## Instructions to follow
Transcribe the data below verbatim from the line with "move: (l0 S);" to the line with "continuous phi ->". Include both of those lines.

[Stored items]
[Start of section]
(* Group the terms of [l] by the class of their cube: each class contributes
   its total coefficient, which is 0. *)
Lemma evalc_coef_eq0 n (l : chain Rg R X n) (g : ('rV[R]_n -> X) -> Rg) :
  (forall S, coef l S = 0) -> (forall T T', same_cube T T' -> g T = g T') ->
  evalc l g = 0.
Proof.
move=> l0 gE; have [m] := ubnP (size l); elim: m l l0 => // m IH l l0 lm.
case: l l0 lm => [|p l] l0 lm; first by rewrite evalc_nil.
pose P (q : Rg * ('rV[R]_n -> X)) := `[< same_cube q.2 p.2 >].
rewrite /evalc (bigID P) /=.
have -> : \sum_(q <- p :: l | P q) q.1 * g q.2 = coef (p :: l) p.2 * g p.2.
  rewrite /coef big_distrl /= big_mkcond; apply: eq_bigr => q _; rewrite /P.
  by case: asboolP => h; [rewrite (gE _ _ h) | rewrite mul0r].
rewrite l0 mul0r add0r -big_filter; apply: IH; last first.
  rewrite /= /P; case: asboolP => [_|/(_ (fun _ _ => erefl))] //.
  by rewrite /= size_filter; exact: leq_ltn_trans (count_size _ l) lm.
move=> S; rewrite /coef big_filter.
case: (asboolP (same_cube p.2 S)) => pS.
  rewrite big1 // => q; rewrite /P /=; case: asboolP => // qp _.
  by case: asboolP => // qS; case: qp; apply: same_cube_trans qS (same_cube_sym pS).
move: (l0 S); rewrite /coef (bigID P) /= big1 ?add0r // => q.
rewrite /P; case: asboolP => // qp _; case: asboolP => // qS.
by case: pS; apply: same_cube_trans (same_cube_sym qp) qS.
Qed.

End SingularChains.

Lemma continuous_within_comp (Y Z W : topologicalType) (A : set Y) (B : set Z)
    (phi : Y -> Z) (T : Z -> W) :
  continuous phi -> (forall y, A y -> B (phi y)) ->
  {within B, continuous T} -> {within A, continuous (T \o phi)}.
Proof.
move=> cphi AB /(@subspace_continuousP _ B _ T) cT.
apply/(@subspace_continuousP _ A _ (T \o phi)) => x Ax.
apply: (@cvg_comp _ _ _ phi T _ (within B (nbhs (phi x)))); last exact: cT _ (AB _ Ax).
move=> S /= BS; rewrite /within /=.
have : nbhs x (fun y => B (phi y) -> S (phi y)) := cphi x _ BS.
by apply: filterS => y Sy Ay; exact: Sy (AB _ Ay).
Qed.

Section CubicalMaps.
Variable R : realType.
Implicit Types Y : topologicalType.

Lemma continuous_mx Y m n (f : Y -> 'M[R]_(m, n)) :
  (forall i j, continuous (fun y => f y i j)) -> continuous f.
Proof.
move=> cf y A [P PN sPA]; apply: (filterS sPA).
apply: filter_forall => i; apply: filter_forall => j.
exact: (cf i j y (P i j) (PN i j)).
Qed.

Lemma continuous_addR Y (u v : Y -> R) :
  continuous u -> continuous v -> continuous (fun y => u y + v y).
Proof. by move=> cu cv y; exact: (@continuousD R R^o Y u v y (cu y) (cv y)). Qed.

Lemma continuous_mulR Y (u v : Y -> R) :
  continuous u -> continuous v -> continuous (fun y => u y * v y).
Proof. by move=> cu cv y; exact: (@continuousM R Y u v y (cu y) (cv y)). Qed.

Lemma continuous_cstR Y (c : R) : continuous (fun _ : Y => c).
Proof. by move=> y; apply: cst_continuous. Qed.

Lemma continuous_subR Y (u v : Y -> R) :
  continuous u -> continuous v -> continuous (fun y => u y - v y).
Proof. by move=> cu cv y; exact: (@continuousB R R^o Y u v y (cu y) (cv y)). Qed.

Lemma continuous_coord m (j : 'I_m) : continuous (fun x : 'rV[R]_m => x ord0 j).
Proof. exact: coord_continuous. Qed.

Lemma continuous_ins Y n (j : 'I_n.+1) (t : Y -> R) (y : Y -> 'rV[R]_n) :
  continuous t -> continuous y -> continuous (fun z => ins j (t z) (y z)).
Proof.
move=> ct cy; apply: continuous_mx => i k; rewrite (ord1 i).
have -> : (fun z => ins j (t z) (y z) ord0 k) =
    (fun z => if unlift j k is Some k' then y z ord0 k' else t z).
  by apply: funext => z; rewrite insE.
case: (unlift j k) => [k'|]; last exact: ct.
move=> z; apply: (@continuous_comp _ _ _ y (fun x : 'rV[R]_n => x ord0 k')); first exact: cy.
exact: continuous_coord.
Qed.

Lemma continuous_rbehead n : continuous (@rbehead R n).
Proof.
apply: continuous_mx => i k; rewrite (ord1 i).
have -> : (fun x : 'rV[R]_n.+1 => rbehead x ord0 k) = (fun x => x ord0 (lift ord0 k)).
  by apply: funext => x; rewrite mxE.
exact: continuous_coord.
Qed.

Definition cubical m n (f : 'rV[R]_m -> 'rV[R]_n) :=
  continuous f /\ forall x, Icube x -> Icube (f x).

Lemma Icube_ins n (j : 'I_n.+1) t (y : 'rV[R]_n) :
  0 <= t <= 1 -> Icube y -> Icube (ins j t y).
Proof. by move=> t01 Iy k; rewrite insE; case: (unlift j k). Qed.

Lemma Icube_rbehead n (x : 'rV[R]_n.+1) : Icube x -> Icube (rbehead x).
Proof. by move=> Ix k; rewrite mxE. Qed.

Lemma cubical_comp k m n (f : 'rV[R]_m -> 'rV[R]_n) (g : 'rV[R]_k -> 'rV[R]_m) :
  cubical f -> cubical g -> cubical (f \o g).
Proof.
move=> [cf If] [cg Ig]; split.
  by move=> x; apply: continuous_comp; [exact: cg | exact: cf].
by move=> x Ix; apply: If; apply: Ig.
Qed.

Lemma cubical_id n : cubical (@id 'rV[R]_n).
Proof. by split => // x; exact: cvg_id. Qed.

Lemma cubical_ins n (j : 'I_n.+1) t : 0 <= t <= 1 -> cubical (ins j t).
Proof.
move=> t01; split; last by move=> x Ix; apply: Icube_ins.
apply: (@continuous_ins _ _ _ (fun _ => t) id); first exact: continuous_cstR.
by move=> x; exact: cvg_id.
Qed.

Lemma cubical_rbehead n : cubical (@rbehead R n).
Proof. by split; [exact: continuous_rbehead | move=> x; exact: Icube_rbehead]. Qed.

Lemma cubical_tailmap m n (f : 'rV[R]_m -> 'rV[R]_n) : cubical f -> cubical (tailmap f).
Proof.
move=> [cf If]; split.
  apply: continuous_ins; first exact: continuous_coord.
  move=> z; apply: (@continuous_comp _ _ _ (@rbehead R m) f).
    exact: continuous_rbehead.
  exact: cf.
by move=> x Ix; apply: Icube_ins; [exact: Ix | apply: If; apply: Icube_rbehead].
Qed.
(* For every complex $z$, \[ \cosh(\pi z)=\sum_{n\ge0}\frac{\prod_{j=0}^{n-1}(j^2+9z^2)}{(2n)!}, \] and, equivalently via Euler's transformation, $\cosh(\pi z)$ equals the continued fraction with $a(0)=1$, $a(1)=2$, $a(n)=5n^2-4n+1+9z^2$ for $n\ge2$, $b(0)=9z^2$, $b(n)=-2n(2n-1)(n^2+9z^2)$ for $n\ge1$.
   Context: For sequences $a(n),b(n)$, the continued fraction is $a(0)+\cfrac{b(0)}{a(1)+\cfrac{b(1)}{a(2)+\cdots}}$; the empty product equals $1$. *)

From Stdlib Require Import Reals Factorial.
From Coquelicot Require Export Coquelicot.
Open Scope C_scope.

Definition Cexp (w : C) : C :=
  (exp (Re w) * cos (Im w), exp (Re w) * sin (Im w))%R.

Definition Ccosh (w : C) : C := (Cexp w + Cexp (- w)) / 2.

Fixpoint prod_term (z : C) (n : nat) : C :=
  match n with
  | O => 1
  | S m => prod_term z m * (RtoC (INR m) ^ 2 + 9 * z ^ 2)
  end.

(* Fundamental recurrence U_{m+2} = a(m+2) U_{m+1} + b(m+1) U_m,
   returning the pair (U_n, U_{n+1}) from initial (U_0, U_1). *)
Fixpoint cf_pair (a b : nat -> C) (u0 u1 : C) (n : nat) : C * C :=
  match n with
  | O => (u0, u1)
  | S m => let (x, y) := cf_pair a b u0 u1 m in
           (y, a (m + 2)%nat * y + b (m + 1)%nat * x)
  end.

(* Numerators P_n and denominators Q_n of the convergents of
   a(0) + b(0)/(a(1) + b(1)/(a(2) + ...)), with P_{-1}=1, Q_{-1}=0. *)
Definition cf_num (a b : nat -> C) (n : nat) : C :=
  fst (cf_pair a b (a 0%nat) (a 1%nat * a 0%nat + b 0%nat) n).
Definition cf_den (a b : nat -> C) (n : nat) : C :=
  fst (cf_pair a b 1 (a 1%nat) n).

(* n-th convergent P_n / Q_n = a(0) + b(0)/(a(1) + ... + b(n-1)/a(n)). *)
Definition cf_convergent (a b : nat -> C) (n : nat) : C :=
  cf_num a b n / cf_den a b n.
[End of section]
## Exercise response
move: (l0 S); rewrite /coef (bigID P) /= big1 ?add0r // => q.
rewrite /P; case: asboolP => // qp _; case: asboolP => // qS.
by case: pS; apply: same_cube_trans (same_cube_sym qp) qS.
Qed.

End SingularChains.

Lemma continuous_within_comp (Y Z W : topologicalType) (A : set Y) (B : set Z)
    (phi : Y -> Z) (T : Z -> W) :
  continuous phi -> (forall y, A y -> B (phi y)) ->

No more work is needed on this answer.